I am assuming you have the latest version of Python installed (as of this date, it should be v. 3.7.3). We are going to need a few libraries for this: Poppler, pdf2image, tesseract and pytesseract.

pdf2image is a Python library that wraps Poppler, which is a PDF rendering library. Tesseract is an open-source OCR (optical character recognition) engine developed by Google ( https://opensource.google/projects/tesseract). And pytesseract wraps this open-source library for Python.

Tesseract is an OCR engine with support for unicode and the ability to recognize more than 100 languages out of the box. It can be trained to recognize other languages. (Source: https://opensource.google/projects/tesseract)

Let’s start with installing all the required libraries. For installing Tesseract and Poppler, I am relying on homebrew this time (I usually prefer to build from source manually). For installing the Python libraries, I am going to use the package installer PIP3 which is suitable for all Python 3 versions.

brew install tesseract poppler
pip3 install pdf2image pytesseract

Next we are going to write our simple script that will:

Take a PDF with images (e. g. a letter)
Convert the PDF into a series of pages
Iterate over the pages and save them as images to the disk
Read the images and read the text into a string

import PIL
import pytesseract
import pdf2image

# Convert PDF contents to pages
pages = pdf2image.convert_from_path('letter.pdf', 500)

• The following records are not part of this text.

(* Let $H$ be a Hermitian operator on $\mathcal H_a\otimes\mathcal H_b$ (finite-dimensional). Then $\mathcal C_{\rm P}^{1}(H)=\|H\|_\infty$ if and only if both the eigenspace of $H$ for its smallest eigenvalue and the eigenspace of $H$ for its largest eigenvalue contain a product vector $\ket{\phi}_a\otimes\ket{\psi}_b$.
   Context: For a density operator $\rho$ on $\mathcal H_a\otimes\mathcal H_b$, the parallel capacity is $\mathcal C_{\rm P}(\rho,H):=\max_{U_a,U_b}\mathrm{tr}[(U_a\otimes U_b)\rho(U_a\otimes U_b)^\dagger H]-\min_{U_a,U_b}\mathrm{tr}[(U_a\otimes U_b)\rho(U_a\otimes U_b)^\dagger H]$, where $U_a,U_b$ range over all unitaries on $\mathcal H_a$, $\mathcal H_b$ respectively. Let $\mathcal S^1$ be the set of separable density operators on $\mathcal H_a\otimes\mathcal H_b$, and $\mathcal C_{\rm P}^1(H):=\max_{\rho\in\mathcal S^1}\mathcal C_{\rm P}(\rho,H)$. With $E_0,E_{\max}$ the smallest and largest eigenvalues of $H$, $\|H\|_\infty:=E_{\max}-E_0$. *)

From HB Require Import structures.
From mathcomp Require Import all_boot all_order all_algebra.
From mathcomp Require Import classical_sets reals.
From mathcomp Require Import complex mxtens.

Set Implicit Arguments.
Unset Strict Implicit.
Unset Printing Implicit Defensive.

Import Order.TTheory GRing.Theory Num.Theory.
Local Open Scope ring_scope.
Local Open Scope classical_set_scope.
Local Open Scope sesquilinear_scope.

Section QDefs.
Variable R : realType.
Local Notation C := R[i].

Definition RtoC (x : R) : C := Complex x 0.

Definition is_hermitian n (A : 'M[C]_n) : Prop := A \is hermsymmx.

Definition psd n (A : 'M[C]_n) : Prop :=
  is_hermitian A /\ forall v : 'cV[C]_n, 0 <= (v ^t* *m A *m v) 0 0.

Definition density n (rho : 'M[C]_n) : Prop := psd rho /\ \tr rho = 1.

Definition unitary n (U : 'M[C]_n) : Prop := U \is unitarymx.

(* the set { tr[(Ua (x) Ub) rho (Ua (x) Ub)^dagger H] : Ua, Ub unitary }
   (real parts; the values are real for Hermitian rho, H) *)
Definition local_energies da db (rho H : 'M[C]_(da * db)) : set R :=
  [set x | exists (Ua : 'M[C]_da) (Ub : 'M[C]_db),
     unitary Ua /\ unitary Ub /\
     x = @complex.Re R (\tr ((Ua *t Ub) *m rho *m (Ua *t Ub) ^t* *m H))].

Definition CP da db (rho H : 'M[C]_(da * db)) : R :=
  sup (local_energies rho H) - inf (local_energies rho H).

Definition separable da db (rho : 'M[C]_(da * db)) : Prop :=
  exists (k : nat) (p : 'I_k -> R) (ra : 'I_k -> 'M[C]_da) (rb : 'I_k -> 'M[C]_db),
    (forall i, 0 <= p i) /\ \sum_(i < k) p i = 1 /\
    (forall i, density (ra i) /\ density (rb i)) /\
    rho = \sum_(i < k) RtoC (p i) *: (ra i *t rb i).

Definition CP1 da db (H : 'M[C]_(da * db)) : R :=
  sup [set x | exists rho, separable rho /\ x = CP rho H].

Definition is_min_eigenvalue n (H : 'M[C]_n) (E0 : R) : Prop :=
  eigenvalue H (RtoC E0) /\ forall a, eigenvalue H a -> RtoC E0 <= a.

Definition is_max_eigenvalue n (H : 'M[C]_n) (Emax : R) : Prop :=
  eigenvalue H (RtoC Emax) /\ forall a, eigenvalue H a -> a <= RtoC Emax.

Definition eigenspace_has_product_vector da db (H : 'M[C]_(da * db)) (E : R) : Prop :=
  exists (phi : 'cV[C]_da) (psi : 'cV[C]_db),
    phi != 0 /\ psi != 0 /\ H *m (phi *t psi) = RtoC E *: (phi *t psi).

End QDefs.

(* Write H = E0 + N0^* N0 and -H = -Emax + N1^* N1 (spectral theorem).  Local unitaries
   turn a separable state into a mixture of normalised product states, so every local
   energy lies in [E0, Emax] and C_P^1(H) <= Emax - E0.  If both extreme eigenspaces
   contain product vectors, local unitaries rotate the product ground state onto the
   product top state, attaining both bounds.  Conversely, if C_P^1(H) = Emax - E0, some
   separable states have local energies arbitrarily close to E0; by averaging, product
   unit vectors u (x) w make <u (x) w| N0^* N0 |u (x) w> arbitrarily small, and by
   compactness of the product of unit spheres it vanishes for one of them, which is then
   a ground state.  The top eigenspace is the ground eigenspace of -H. *)

From HB Require Import structures.
From mathcomp Require Import all_boot all_order all_algebra.
From mathcomp Require Import classical_sets reals.
From mathcomp Require Import complex mxtens.
From mathcomp Require Import boolp functions topology normedtype derive.
From mathcomp Require Import lra.

Set Implicit Arguments.
Unset Strict Implicit.
Unset Printing Implicit Defensive.

Import Order.TTheory GRing.Theory Num.Theory.
Import numFieldTopology.Exports numFieldNormedType.Exports.
Local Open Scope ring_scope.
Local Open Scope sesquilinear_scope.

Section QuadraticForms.
Variable R : realType.
Local Notation C := R[i].

Lemma trmxCM m n p (A : 'M[C]_(m, n)) (B : 'M[C]_(n, p)) : (A *m B)^t* = B^t* *m A^t*.
Proof. by rewrite trmx_mul map_mxM. Qed.

Lemma trmxCZ m n (c : C) (A : 'M[C]_(m, n)) : (c *: A)^t* = c^* *: A^t*.
Proof. by apply/matrixP=> i j; rewrite !mxE rmorphM. Qed.

Lemma trmxC_tens m n p q (A : 'M[C]_(m, n)) (B : 'M[C]_(p, q)) :
  (A *t B)^t* = A^t* *t B^t*.
Proof. by apply/matrixP=> i j; rewrite !mxE rmorphM. Qed.

Lemma trmxC1 n : (1%:M : 'M[C]_n)^t* = 1%:M.
Proof. by rewrite tr_scalar_mx map_scalar_mx rmorph1. Qed.

Definition sqnorm n (v : 'cV[C]_n) : C := (v^t* *m v) 0 0.
Definition qform n (v : 'cV[C]_n) (M : 'M[C]_n) : C := (v^t* *m M *m v) 0 0.

Lemma sqnormE n (v : 'cV[C]_n) : sqnorm v = \sum_i `|v i 0| ^+ 2.
Proof. by rewrite /sqnorm mxE; apply: eq_bigr => i _; rewrite !mxE normCK mulrC. Qed.

Lemma sqnorm_ge0 n (v : 'cV[C]_n) : 0 <= sqnorm v.
Proof. by rewrite sqnormE sumr_ge0 // => i _; rewrite exprn_ge0. Qed.

Lemma sqnorm_eq0 n (v : 'cV[C]_n) : (sqnorm v == 0) = (v == 0).
Proof.
apply/idP/eqP => [|->]; last by rewrite /sqnorm mulmx0 mxE.
rewrite sqnormE psumr_eq0 => [/allP v0|i _]; last by rewrite exprn_ge0.
apply/matrixP => i j; rewrite [j]ord1 mxE.
by have := v0 i (mem_index_enum _); rewrite sqrf_eq0 normr_eq0 => /eqP.
Qed.

Lemma sqnorm_eq1_neq0 n (v : 'cV[C]_n) : sqnorm v = 1 -> v != 0.
Proof. by rewrite -sqnorm_eq0 => ->; rewrite oner_eq0. Qed.

Lemma qform1 n (v : 'cV[C]_n) : qform v 1%:M = sqnorm v.
Proof. by rewrite /qform mulmx1. Qed.

Lemma qform_gram n p (N : 'M[C]_(p, n)) (v : 'cV[C]_n) :
  qform v (N^t* *m N) = sqnorm (N *m v).
Proof. by rewrite /qform /sqnorm trmxCM !mulmxA. Qed.

Lemma qform_gram_ge0 n p (N : 'M[C]_(p, n)) (v : 'cV[C]_n) : 0 <= qform v (N^t* *m N).
Proof. by rewrite qform_gram sqnorm_ge0. Qed.

Lemma qform_gram_eq0 n p (N : 'M[C]_(p, n)) (v : 'cV[C]_n) :
  qform v (N^t* *m N) = 0 -> N^t* *m N *m v = 0.
Proof. by rewrite qform_gram => /eqP; rewrite sqnorm_eq0 -mulmxA => /eqP ->; rewrite mulmx0. Qed.

Lemma qformZ n (a : C) (v : 'cV[C]_n) M : qform (a *: v) M = a^* * a * qform v M.
Proof. by rewrite /qform trmxCZ -!scalemxAl -scalemxAr !mxE mulrA. Qed.

Lemma sqnorm_tens m n (x : 'cV[C]_m) (y : 'cV[C]_n) : sqnorm (x *t y) = sqnorm x * sqnorm y.
Proof.
rewrite /sqnorm (trmxC_tens x y) (tensmx_mul (x^t*) (y^t*) x y) mxE.
by rewrite (ord1 (mxtens_unindex _).1) (ord1 (mxtens_unindex _).2).
Qed.

Lemma mxtrace_outer n (v : 'cV[C]_n) (M : 'M[C]_n) : \tr (v *m v^t* *m M) = qform v M.
Proof. by rewrite -mulmxA mxtrace_mulC /mxtrace big_ord1. Qed.

Lemma qform_eigen n (M : 'M[C]_n) (v : 'cV[C]_n) (E : C) :
  M *m v = E *: v -> sqnorm v = 1 -> qform v M = E.
Proof. by move=> Mv v1; rewrite /qform -mulmxA Mv -scalemxAr mxE -/(sqnorm v) v1 mulr1. Qed.

End QuadraticForms.

Section Spectral.
Variable R : realType.
Local Notation C := R[i].

Lemma trmxC_unitaryK n (P : 'M[C]_n) : P \is unitarymx -> P^t* *m P = 1%:M.
Proof. by move=> uP; have := mulmxKtV (1%:M : 'M[C]_n) uP erefl; rewrite mul1mx. Qed.

Lemma sqnorm_row_unitary m n (P : 'M[C]_(m, n)) (i : 'I_m) : P \is unitarymx ->
  sqnorm ((row i P)^t*) = 1.
Proof.
move=> /unitarymxP /matrixP /(_ i i); rewrite !mxE eqxx mulr1n => <-.
by rewrite /sqnorm trmxCK mxE; apply: eq_bigr => j _; rewrite !mxE.
Qed.

Lemma hermitian_spectral_decomp n (A : 'M[C]_n) : A \is hermsymmx ->
  A = (spectralmx A)^t* *m diag_mx (spectral_diag A) *m spectralmx A.
Proof.
move=> hA; have /orthomx_spectralP := hermitian_normalmx hA.
by rewrite invmx_unitary // spectral_unitarymx.
Qed.

Lemma row_spectralmx_eigen n (A : 'M[C]_n) (i : 'I_n) : A \is hermsymmx ->
  row i (spectralmx A) *m A = spectral_diag A 0 i *: row i (spectralmx A).
Proof.
move=> hA; have uP := spectral_unitarymx A; set P := spectralmx A in uP *.
rewrite -row_mul {1}(hermitian_spectral_decomp hA) -/P !mulmxA.
rewrite (unitarymxP uP) mul1mx mul_diag_mx.
by apply/rowP => j; rewrite !mxE.
Qed.

Lemma eigenvalue_spectral_diag n (A : 'M[C]_n) (i : 'I_n) : A \is hermsymmx ->
  eigenvalue A (spectral_diag A 0 i).
Proof.
move=> hA; apply/eigenvalueP; exists (row i (spectralmx A)).
  exact: row_spectralmx_eigen.
apply: contra_eqN (sqnorm_row_unitary i (spectral_unitarymx A)) => /eqP ->.
by rewrite trmx0 map_mx0 /sqnorm mulmx0 mxE eq_sym oner_eq0.
Qed.

(* Write [s (A - c)] as [P^* diag(s (d - c)) P] and take the square root of the diagonal. *)
Lemma hermitian_gram_shift n (A : 'M[C]_n) (s c : C) : A \is hermsymmx ->
  (forall i, 0 <= s * (spectral_diag A 0 i - c)) ->
  exists N : 'M[C]_n, s *: (A - c%:M) = N^t* *m N.
Proof.
move=> hA ge0; have uP := spectral_unitarymx A.
pose e := s *: (spectral_diag A - const_mx c).
exists (diag_mx (map_mx sqrtC e) *m spectralmx A).
have -> : s *: (A - c%:M) = (spectralmx A)^t* *m diag_mx e *m spectralmx A.
  have -> : diag_mx e = s *: (diag_mx (spectral_diag A) - c%:M).
    by apply/matrixP => a b; rewrite !mxE; case: (a == b); rewrite ?mulr1n ?mulr0n ?subrr ?mulr0.
  rewrite -scalemxAr -scalemxAl mulmxBr mulmxBl -(hermitian_spectral_decomp hA).
  by rewrite mul_mx_scalar -scalemxAl (trmxC_unitaryK uP) scalemx1.
rewrite trmxCM !mulmxA -(mulmxA _ (_^t*)); congr (_ *m _ *m _).
apply/matrixP => i j; rewrite !mxE (bigD1 i) //= big1 ?addr0; last first.
  by move=> k /negbTE ki; rewrite !mxE ki mulr0n conjC0 mul0r.
rewrite !mxE eqxx /= mulr1n; case: eqP => [->|_]; last by rewrite !mulr0n mulr0.
have e_ge0 : 0 <= e 0 j by rewrite !mxE.
by rewrite !mulr1n conj_Creal ?sqrtC_real // -expr2 sqrtCK.
Qed.

Lemma psd_gram n (A : 'M[C]_n) : psd A -> exists N : 'M[C]_n, A = N^t* *m N.
Proof.
move=> [hA A_ge0]; have [i|N AN] := hermitian_gram_shift (s := 1) (c := 0) hA.
  have := sqnorm_row_unitary i (spectral_unitarymx A); rewrite /sqnorm trmxCK => r1.
  have := A_ge0 ((row i (spectralmx A))^t*).
  by rewrite trmxCK row_spectralmx_eigen // -scalemxAl mxE r1 mulr1 mul1r oppr0 addr0.
by exists N; rewrite -AN scale1r raddf0 subr0.
Qed.

End Spectral.

Section SeparableStates.
Variable R : realType.
Local Notation C := R[i].

Lemma tensmx_suml m n p q k (F : 'I_k -> 'M[C]_(m, n)) (B : 'M[C]_(p, q)) :
  (\sum_i F i) *t B = \sum_i (F i *t B).
Proof.
apply/matrixP => a b; rewrite !mxE !summxE mulr_suml.
by apply: eq_bigr => i _; rewrite !mxE.
Qed.

Lemma tensmx_sumr m n p q k (A : 'M[C]_(m, n)) (F : 'I_k -> 'M[C]_(p, q)) :
  A *t (\sum_i F i) = \sum_i (A *t F i).
Proof.
apply/matrixP => a b; rewrite !mxE !summxE mulr_sumr.
by apply: eq_bigr => i _; rewrite !mxE.
Qed.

# Just using this to give the pages a number
counter = 0

for page in pages:
  file_name = 'page' + str(counter) + '.jpg'

  # Save images to the same folder
  page.save(file_name, 'JPEG')

  # Open the file as an image
  image_file = PIL.Image.open(file_name)

  # Use tesseract to extract the text from the image
  string_contents = pytesseract.image_to_string(image_file)

  # Print the contents to the console
  print(string_contents)

  counter = counter + 1

Processing the information can take a few seconds, so be patient. You will receive the output of the document in the console and the image files in the same folder you are running the script in.

Now here comes the catch. Depending on how good the quality of the picture is (including the angle, blurriness etc.) the output can vary and it’s very possible that there are some wrongly recognized characters in the output. Therefore you should double check the output and do some error correction if necessary.